### Work to complete
Range to reproduce from the entries below: the line with "by rewrite mulG_subG sHG subsetIl.", the line with "Lemma dprod_subcentl (X", and every line in between. Give them exactly and give nothing else.

### Data for the task
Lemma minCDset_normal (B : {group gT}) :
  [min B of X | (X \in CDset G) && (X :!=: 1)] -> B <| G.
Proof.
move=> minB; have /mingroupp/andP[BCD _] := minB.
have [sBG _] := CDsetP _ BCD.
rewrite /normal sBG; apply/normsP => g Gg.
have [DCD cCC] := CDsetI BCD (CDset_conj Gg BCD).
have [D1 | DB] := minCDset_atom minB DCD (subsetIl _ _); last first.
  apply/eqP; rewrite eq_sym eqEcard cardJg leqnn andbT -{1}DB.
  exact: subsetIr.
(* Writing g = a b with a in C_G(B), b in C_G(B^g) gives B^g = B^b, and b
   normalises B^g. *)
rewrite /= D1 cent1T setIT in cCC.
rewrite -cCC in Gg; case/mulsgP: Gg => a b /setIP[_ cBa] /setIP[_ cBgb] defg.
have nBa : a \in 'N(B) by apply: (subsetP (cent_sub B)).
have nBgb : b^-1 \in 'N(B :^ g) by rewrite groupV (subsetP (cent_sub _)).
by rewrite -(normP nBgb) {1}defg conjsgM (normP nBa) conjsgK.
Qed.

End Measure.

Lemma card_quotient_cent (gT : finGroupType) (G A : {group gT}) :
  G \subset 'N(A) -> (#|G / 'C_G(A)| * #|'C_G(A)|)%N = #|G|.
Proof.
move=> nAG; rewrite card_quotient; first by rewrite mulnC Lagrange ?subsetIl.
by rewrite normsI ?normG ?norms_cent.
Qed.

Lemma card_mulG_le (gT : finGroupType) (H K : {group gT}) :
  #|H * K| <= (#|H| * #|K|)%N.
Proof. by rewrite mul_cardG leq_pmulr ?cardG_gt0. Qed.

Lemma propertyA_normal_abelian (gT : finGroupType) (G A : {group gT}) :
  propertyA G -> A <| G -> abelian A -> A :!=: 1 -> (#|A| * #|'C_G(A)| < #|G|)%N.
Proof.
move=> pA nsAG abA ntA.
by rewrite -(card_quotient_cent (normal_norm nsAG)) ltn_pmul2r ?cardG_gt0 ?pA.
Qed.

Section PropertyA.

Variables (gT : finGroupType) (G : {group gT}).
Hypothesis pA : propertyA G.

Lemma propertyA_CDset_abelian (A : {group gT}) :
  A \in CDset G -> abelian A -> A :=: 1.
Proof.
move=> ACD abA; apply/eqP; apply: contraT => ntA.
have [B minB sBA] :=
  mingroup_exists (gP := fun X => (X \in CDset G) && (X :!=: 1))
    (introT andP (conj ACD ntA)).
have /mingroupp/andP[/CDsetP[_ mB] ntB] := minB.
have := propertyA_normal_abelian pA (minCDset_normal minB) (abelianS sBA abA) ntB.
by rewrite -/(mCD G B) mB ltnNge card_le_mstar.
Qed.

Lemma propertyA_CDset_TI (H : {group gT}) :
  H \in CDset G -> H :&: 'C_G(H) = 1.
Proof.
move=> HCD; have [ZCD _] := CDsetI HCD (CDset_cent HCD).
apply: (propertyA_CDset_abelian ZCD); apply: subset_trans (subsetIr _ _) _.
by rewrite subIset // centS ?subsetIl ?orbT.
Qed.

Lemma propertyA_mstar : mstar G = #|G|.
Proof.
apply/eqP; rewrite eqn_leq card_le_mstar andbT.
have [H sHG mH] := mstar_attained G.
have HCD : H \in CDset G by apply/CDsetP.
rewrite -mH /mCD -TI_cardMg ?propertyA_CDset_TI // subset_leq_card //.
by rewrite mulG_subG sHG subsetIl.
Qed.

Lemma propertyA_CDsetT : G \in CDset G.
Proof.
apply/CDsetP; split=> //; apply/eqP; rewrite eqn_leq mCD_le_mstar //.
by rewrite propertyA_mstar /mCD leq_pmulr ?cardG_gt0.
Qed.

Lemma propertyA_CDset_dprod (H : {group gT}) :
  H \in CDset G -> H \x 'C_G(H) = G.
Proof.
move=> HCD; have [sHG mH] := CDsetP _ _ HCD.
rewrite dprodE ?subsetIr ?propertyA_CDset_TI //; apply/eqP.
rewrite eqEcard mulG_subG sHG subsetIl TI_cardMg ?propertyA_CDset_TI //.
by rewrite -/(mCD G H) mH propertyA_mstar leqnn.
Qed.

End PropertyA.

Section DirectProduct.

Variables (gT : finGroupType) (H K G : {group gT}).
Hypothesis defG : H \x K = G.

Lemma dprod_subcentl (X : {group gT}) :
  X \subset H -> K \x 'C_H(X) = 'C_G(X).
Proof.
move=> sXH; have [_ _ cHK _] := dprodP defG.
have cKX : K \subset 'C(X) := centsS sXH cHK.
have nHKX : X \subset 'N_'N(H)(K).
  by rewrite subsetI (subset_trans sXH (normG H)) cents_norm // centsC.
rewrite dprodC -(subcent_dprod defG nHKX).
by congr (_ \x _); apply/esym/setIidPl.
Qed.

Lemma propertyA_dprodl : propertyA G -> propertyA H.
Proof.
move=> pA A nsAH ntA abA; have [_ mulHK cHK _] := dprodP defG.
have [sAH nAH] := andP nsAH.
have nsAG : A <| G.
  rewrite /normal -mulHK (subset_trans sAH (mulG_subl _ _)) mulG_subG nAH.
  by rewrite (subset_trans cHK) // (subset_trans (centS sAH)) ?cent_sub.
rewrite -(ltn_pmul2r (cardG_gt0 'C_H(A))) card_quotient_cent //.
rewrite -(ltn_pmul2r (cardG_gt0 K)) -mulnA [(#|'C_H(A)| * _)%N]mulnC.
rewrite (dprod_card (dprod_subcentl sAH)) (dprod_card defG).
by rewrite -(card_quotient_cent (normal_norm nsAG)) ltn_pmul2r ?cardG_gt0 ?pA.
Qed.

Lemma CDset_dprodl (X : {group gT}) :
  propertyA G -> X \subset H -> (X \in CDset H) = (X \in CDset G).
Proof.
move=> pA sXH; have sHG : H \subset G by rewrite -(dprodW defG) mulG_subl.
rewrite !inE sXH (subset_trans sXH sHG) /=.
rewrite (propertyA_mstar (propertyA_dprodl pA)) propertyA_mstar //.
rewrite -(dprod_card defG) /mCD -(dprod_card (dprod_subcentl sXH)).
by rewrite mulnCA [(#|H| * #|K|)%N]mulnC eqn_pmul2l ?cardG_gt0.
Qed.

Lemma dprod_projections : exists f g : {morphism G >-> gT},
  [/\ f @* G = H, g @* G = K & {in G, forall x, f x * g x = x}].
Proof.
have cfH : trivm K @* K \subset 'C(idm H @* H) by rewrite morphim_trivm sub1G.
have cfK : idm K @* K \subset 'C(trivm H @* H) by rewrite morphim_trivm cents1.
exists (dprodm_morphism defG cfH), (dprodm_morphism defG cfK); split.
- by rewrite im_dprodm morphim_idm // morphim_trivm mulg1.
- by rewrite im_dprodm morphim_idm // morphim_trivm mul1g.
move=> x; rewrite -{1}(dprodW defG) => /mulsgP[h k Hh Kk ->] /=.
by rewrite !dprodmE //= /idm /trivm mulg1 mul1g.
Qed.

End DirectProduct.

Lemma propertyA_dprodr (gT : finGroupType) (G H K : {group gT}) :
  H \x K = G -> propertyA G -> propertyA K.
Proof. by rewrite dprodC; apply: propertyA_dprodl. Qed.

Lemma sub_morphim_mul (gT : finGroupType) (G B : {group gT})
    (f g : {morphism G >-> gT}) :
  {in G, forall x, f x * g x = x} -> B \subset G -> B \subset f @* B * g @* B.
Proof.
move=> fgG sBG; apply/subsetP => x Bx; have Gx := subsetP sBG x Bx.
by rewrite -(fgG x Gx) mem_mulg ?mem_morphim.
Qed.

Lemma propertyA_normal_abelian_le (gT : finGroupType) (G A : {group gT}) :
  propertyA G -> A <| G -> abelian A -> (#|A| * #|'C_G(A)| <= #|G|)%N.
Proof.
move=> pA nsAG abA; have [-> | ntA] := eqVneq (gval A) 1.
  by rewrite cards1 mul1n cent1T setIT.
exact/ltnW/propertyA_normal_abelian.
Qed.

### Response to this task
by rewrite mulG_subG sHG subsetIl.
Qed.

Lemma propertyA_CDsetT : G \in CDset G.
Proof.
apply/CDsetP; split=> //; apply/eqP; rewrite eqn_leq mCD_le_mstar //.
by rewrite propertyA_mstar /mCD leq_pmulr ?cardG_gt0.
Qed.

Lemma propertyA_CDset_dprod (H : {group gT}) :
  H \in CDset G -> H \x 'C_G(H) = G.
Proof.
move=> HCD; have [sHG mH] := CDsetP _ _ HCD.
rewrite dprodE ?subsetIr ?propertyA_CDset_TI //; apply/eqP.
rewrite eqEcard mulG_subG sHG subsetIl TI_cardMg ?propertyA_CDset_TI //.
by rewrite -/(mCD G H) mH propertyA_mstar leqnn.
Qed.

End PropertyA.

Section DirectProduct.

Variables (gT : finGroupType) (H K G : {group gT}).
Hypothesis defG : H \x K = G.

Lemma dprod_subcentl (X : {group gT}) :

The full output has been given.